YOUR INSTRUCTIONS — Look below for the line containing "by rewrite [p + x]addnC col_eq //; lia."; write out that line and each one after it to the end, exactly, and nothing else.

DATASET —
(* Only rows [x] with a one in column [l] can close a rectangle at [(k, l)],
   hence the weak last hypothesis. *)
Lemma greedyA_shift k l p :
  (forall y, y <= p -> a (k + p) y = false) ->
  (forall x, x <= p -> a x (l + p) = false) ->
  (forall y, 0 < y < l -> a (k + p) (y + p) = a k y) ->
  (forall x, 0 < x < k -> a (x + p) (l + p) = a x l) ->
  (forall x y, 0 < x < k -> 0 < y < l -> a x l -> a (x + p) (y + p) = a x y) ->
  a (k + p) (l + p) = a k l.
Proof.
move=> row_zero col_zero row_eq col_eq inner_eq.
case: (posnP l) => [->|l_gt0]; first by rewrite greedyAk0 row_zero.
case: (posnP k) => [->|k_gt0]; first by rewrite greedyA0l col_zero.
have El : (l + p).-1 = p + l.-1 by lia.
have Ek : (k + p).-1 = p + k.-1 by lia.
rewrite (greedyAE (k + p)) (greedyAE k) El Ek k_gt0 l_gt0 !addn_gt0 k_gt0 l_gt0 /=.
congr [&& _ <= n, _ <= n & ~~ _].
- rewrite /row_count iota1D count_cat count_map.
  rewrite (@eq_in_count _ _ pred0) => [|y]; last by rewrite mem_iota => y_in; apply: row_zero; lia.
  rewrite count_pred0; apply: eq_in_count => y; rewrite mem_iota => y_in /=.
  by rewrite [p + y]addnC row_eq //; lia.
- rewrite /col_count iota1D count_cat count_map.
  rewrite (@eq_in_count _ _ pred0) => [|x]; last by rewrite mem_iota => x_in; apply: col_zero; lia.
  rewrite count_pred0; apply: eq_in_count => x; rewrite mem_iota => x_in /=.
  by rewrite [p + x]addnC col_eq //; lia.
rewrite /closes_rectangle El Ek [iota 1 (p + k.-1)]iota1D has_cat has_map.
rewrite (@eq_in_has _ _ pred0) => [|x]; last first.
  by rewrite mem_iota => x_in; apply/hasPn => y _; rewrite col_zero ?andbF //; lia.
rewrite has_pred0 /=; apply: eq_in_has => x; rewrite mem_iota => x_in /=.
rewrite iota1D has_cat has_map.
rewrite (@eq_in_has _ _ pred0) => [|y]; last first.
  by rewrite mem_iota => y_in; rewrite row_zero ?andbF //; lia.
rewrite has_pred0 /=; apply: eq_in_has => y; rewrite mem_iota => y_in /=.
rewrite [p + x]addnC [p + y]addnC col_eq ?row_eq; try lia.
by case: (boolP (a x l)) => [a_xl|]; rewrite ?andbF // inner_eq //; lia.
Qed.

Definition band_width := upper_width + lower_width.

YOUR RESPONSE —
  by rewrite [p + x]addnC col_eq //; lia.
rewrite /closes_rectangle El Ek [iota 1 (p + k.-1)]iota1D has_cat has_map.
rewrite (@eq_in_has _ _ pred0) => [|x]; last first.
  by rewrite mem_iota => x_in; apply/hasPn => y _; rewrite col_zero ?andbF //; lia.
rewrite has_pred0 /=; apply: eq_in_has => x; rewrite mem_iota => x_in /=.
rewrite iota1D has_cat has_map.
rewrite (@eq_in_has _ _ pred0) => [|y]; last first.
  by rewrite mem_iota => y_in; rewrite row_zero ?andbF //; lia.
rewrite has_pred0 /=; apply: eq_in_has => y; rewrite mem_iota => y_in /=.
rewrite [p + x]addnC [p + y]addnC col_eq ?row_eq; try lia.
by case: (boolP (a x l)) => [a_xl|]; rewrite ?andbF // inner_eq //; lia.
Qed.

Definition band_width := upper_width + lower_width.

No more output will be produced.